[Items listed in a dataset]

● ● ● ● ● ● ●

(* Let $n$ be an even integer, and let $d, \rho, \alpha, \gamma > 0$. Let $G$ be a regular graph on $[n]$. Let $\{X,Y\}$ be a balanced bipartition of $[n]$, and suppose that $G[X,Y]$ is $(d,\rho,\alpha,\gamma)$-good. Suppose further that for some integer $K$ with $\frac{\rho}{\alpha}\leq K \leq \frac{\gamma \rho d}{2}$ there exist decompositions $\{H_{X,j}\}_{j \in [K]}$ of $G[X]$ and $\{H_{Y,j}\}_{j \in [K]}$ of $G[Y]$ into bipartite spanning subgraphs (each $H_{X,j}$ has vertex set $X$, each $H_{Y,j}$ has vertex set $Y$) such that for each $j \in [K]$: (A1) for each $U \in \{X,Y\}$, $\Delta(H_{U,j}) - \delta(H_{U,j}) \leq \frac{\gamma \rho d}{4K}$; (A2) $e(H_{X,j}) = e(H_{Y,j})$; (A3) $H_{X,j}$ and $H_{Y,j}$ have respective bipartitions $\{X_j', X_j''\}$ of $X$ and $\{Y_j', Y_j''\}$ of $Y$ (every edge of $H_{X,j}$ goes between $X'_j$ and $X''_j$, every edge of $H_{Y,j}$ goes between $Y'_j$ and $Y''_j$) which are $\frac{d}{5}$-good with respect to $G[X,Y]$. Then there exists a decomposition of $G$ into $K+1$ regular bipartite spanning subgraphs.
   Context: Graphs are simple and finite. $G[U]$ is the induced subgraph on $U$; for disjoint $X,Y$, $G[X,Y]$ is the bipartite graph on $X\cup Y$ of all edges of $G$ between $X$ and $Y$. A balanced bipartition $\{X,Y\}$ has $|X|=|Y|$. A decomposition of a graph is a collection of pairwise edge-disjoint subgraphs whose edge sets cover all edges. $e(\cdot)$, $\Delta(\cdot)$, $\delta(\cdot)$ denote number of edges, maximum and minimum degree. For a function $f:V(H)\to\mathbb N$, an $f$-factor of $H$ is a spanning subgraph in which every vertex $v$ has degree $f(v)$; $f(S):=\sum_{v\in S}f(v)$. Definition ($d$-good bipartition): for a balanced bipartite graph $H=(X\cup Y,E)$ and $d>0$, a bipartition $\{X',X''\}$ of $X$ is $d$-good with respect to $H$ if $\big||X'|-|X''|\big|\leq1$ and $|N_H(y)\cap X'|,|N_H(y)\cap X''|\geq d$ for every $y\in Y$; a $d$-good bipartition of $Y$ is defined analogously. Definition (robustly matchable): a balanced bipartite graph $H=(X\cup Y,E)$ is $(d,\rho,\alpha,\gamma)$-robustly matchable if for every subgraph $F\subseteq H$ of maximum degree at most $\rho d$ and every real $0<\alpha'\leq\alpha$, the graph with edge set $E(H)\setminus E(F)$ has an $f$-factor for every integer-valued $f:X\cup Y\to[(1-\gamma)\alpha' d,\alpha' d]$ with $f(X)=f(Y)$. Definition (good): $H=(X\cup Y,E)$ balanced bipartite is $(d,\rho,\alpha,\gamma)$-good if for all $X'\subseteq X$, $Y'\subseteq Y$ with $|X'|=|Y'|$ and $\delta(H[X',Y'])\geq\frac d5$, the graph $H[X',Y']$ is $(d,\rho,\alpha,\gamma)$-robustly matchable. *)

From HB Require Import structures.
From mathcomp Require Import all_boot all_order all_algebra.
From mathcomp Require Import reals.
Set Implicit Arguments. Unset Strict Implicit. Unset Printing Implicit Defensive.
Import Order.TTheory GRing.Theory Num.Theory.
Local Open Scope ring_scope.

Section Graphs.
Variable T : finType.

Definition simple_graph (E : rel T) : Prop := symmetric E /\ irreflexive E.

Definition subrel_of (F E : rel T) : Prop := forall u v, F u v -> E u v.

Definition deg (E : rel T) (v : T) : nat := #|[set u | E v u]|.

(* maximum / minimum degree over the vertex set V (0 if V is empty) *)
Definition maxdeg (V : {set T}) (E : rel T) : nat := \max_(v in V) deg E v.
Definition mindeg (V : {set T}) (E : rel T) : nat :=
  \big[minn/maxdeg V E]_(v in V) deg E v.

Definition nedges (E : rel T) : nat := #|[set p : T * T | E p.1 p.2]|./2.

Definition regular_on (V : {set T}) (E : rel T) : Prop :=
  exists r : nat, forall v, v \in V -> deg E v = r.

Definition induced (E : rel T) (U : {set T}) : rel T :=
  fun u v => [&& E u v, u \in U & v \in U].

Definition bip (E : rel T) (X Y : {set T}) : rel T :=
  fun u v => E u v && (((u \in X) && (v \in Y)) || ((u \in Y) && (v \in X))).

Definition rdiff (E F : rel T) : rel T := fun u v => E u v && ~~ F u v.

Definition decomposition (I : finType) (E : rel T) (H : I -> rel T) : Prop :=
  (forall j, symmetric (H j)) /\
  (forall u v, E u v = [exists j, H j u v]) /\
  (forall j k u v, j != k -> H j u v -> ~~ H k u v).

Definition has_f_factor (V : {set T}) (E : rel T) (f : T -> int) : Prop :=
  exists S : rel T, [/\ symmetric S, subrel_of S E &
     forall v, v \in V -> (deg S v)%:Z = f v].

Variable R : realType.

Definition robustly_matchable (X Y : {set T}) (E : rel T)
    (d rho alpha gamma : R) : Prop :=
  forall F : rel T, symmetric F -> subrel_of F E ->
    (maxdeg (X :|: Y) F)%:R <= rho * d ->
  forall alpha' : R, 0 < alpha' -> alpha' <= alpha ->
  forall f : T -> int,
    (forall v, v \in X :|: Y ->
       (1 - gamma) * alpha' * d <= (f v)%:~R /\ (f v)%:~R <= alpha' * d) ->
    \sum_(x in X) f x = \sum_(y in Y) f y ->
    has_f_factor (X :|: Y) (rdiff E F) f.
(* Let $\mathcal{H}$ be a complex Hilbert space and let $A\in\mathcal{B}(\mathcal{H})$ be a positive operator with $\dim R(A)\ge 2$. Let $T,S\in\mathcal{B}_A(\mathcal{H})$ and $q\in\mathbb{C}$ with $0<|q|\le 1$. Then \[ |q|^2\,w_{q,A}(TS)\le 4\,w_{q,A}(T)\,w_{q,A}(S). \]
   Context: $A$ induces the semi-inner product $\langle x,y\rangle_A=\langle Ax,y\rangle$ and seminorm $\|x\|_A=\sqrt{\langle x,x\rangle_A}$. $\mathcal{B}_A(\mathcal{H})$ is the set of operators $T$ admitting an $A$-adjoint, i.e. an operator $W$ with $\langle Tx,y\rangle_A=\langle x,Wy\rangle_A$ for all $x,y$. The $A$-$q$-numerical radius is $w_{q,A}(T)=\sup\{|\langle Tx,y\rangle_A| : \|x\|_A=\|y\|_A=1,\ \langle x,y\rangle_A=q\}$. *)

From HB Require Import structures.
From mathcomp Require Import all_boot all_order all_algebra.
From mathcomp Require Import boolp classical_sets reals ereal.
From mathcomp Require Export complex.

Set Implicit Arguments.
Unset Strict Implicit.
Unset Printing Implicit Defensive.

Import Order.TTheory GRing.Theory Num.Theory.
Local Open Scope ring_scope.
Local Open Scope classical_set_scope.

Section Hilbert.
Variable R : realType.
Local Notation C := R[i].
Variable V : lmodType C.
Variable ip : V -> V -> C.

Definition is_inner_product : Prop :=
  [/\ (forall (a : C) (x y z : V), ip (a *: x + y) z = a * ip x z + ip y z),
      (forall x y : V, ip x y = Num.conj (ip y x)),
      (forall x : V, 0 <= ip x x) &
      (forall x : V, ip x x = 0 -> x = 0)].

Definition hnorm (x : V) : R := Num.sqrt (@complex.Re R (ip x x)).

Definition hcomplete : Prop :=
  forall u : nat -> V,
    (forall e : R, 0 < e -> exists N : nat, forall m n : nat,
        (N <= m)%N -> (N <= n)%N -> hnorm (u m - u n) < e) ->
    exists l : V, forall e : R, 0 < e -> exists N : nat, forall n : nat,
        (N <= n)%N -> hnorm (u n - l) < e.

Definition is_complex_Hilbert_space : Prop := is_inner_product /\ hcomplete.

Definition bounded_operator (T : V -> V) : Prop :=
  (forall (a : C) (x y : V), T (a *: x + y) = a *: T x + T y) /\
  exists M : R, forall x : V, hnorm (T x) <= M * hnorm x.

Definition positive_operator (A : V -> V) : Prop :=
  bounded_operator A /\ forall x : V, 0 <= ip (A x) x.

(* dim R(A) >= 2: the range of A contains two linearly independent vectors *)
Definition range_dim_ge2 (A : V -> V) : Prop :=
  exists x y : V, forall a b : C,
    a *: A x + b *: A y = 0 -> a = 0 /\ b = 0.

Definition ipA (A : V -> V) (x y : V) : C := ip (A x) y.
Definition normA (A : V -> V) (x : V) : R := Num.sqrt (@complex.Re R (ipA A x x)).

Definition has_A_adjoint (A T : V -> V) : Prop :=
  bounded_operator T /\
  exists W : V -> V, bounded_operator W /\
    forall x y : V, ipA A (T x) y = ipA A x (W y).

Definition wqA (A : V -> V) (q : C) (T : V -> V) : \bar R :=
  ereal_sup [set r : \bar R | exists x y : V,
     [/\ normA A x = 1, normA A y = 1, ipA A x y = q &
         r = (@complex.Re R `|ipA A (T x) y|)%:E]].

End Hilbert.

(* The A-semi-inner product is a positive semidefinite hermitian form, so it
   obeys Cauchy-Schwarz.  Let t bound |<Tx, y>_A| over the q-admissible pairs.
   As dim R(A) >= 2, every A-unit vector v has an A-orthogonal A-unit vector u,
   and y = q^* v +- sqrt(1 - |q|^2) u are admissible with x = v; this gives
   |q| |<Tv, v>_A| <= t ||v||_A^2, and polarization upgrades it to
   |q| |<Tz, y>_A| <= 2t for all A-unit z, y.  Hence |q| ||Sx||_A <= 2 w(S)
   and, through the A-adjoint W of T, |q| ||Wy||_A <= 2 w(T); Cauchy-Schwarz
   applied to <TSx, y>_A = <Sx, Wy>_A gives the theorem. *)

From HB Require Import structures.
From mathcomp Require Import all_boot all_order all_algebra.
From mathcomp Require Import reals ereal complex.
From mathcomp Require Import ring lra.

● ● ● ● ● ● ●

EXERCISE: From the records above, reproduce exactly the lines from the one with "exists M : R, forall" to the one with "bounded_operator T /\", both included, and no others.

EXERCISE RESPONSE:
  exists M : R, forall x : V, hnorm (T x) <= M * hnorm x.

Definition positive_operator (A : V -> V) : Prop :=
  bounded_operator A /\ forall x : V, 0 <= ip (A x) x.

(* dim R(A) >= 2: the range of A contains two linearly independent vectors *)
Definition range_dim_ge2 (A : V -> V) : Prop :=
  exists x y : V, forall a b : C,
    a *: A x + b *: A y = 0 -> a = 0 /\ b = 0.

Definition ipA (A : V -> V) (x y : V) : C := ip (A x) y.
Definition normA (A : V -> V) (x : V) : R := Num.sqrt (@complex.Re R (ipA A x x)).

Definition has_A_adjoint (A T : V -> V) : Prop :=
  bounded_operator T /\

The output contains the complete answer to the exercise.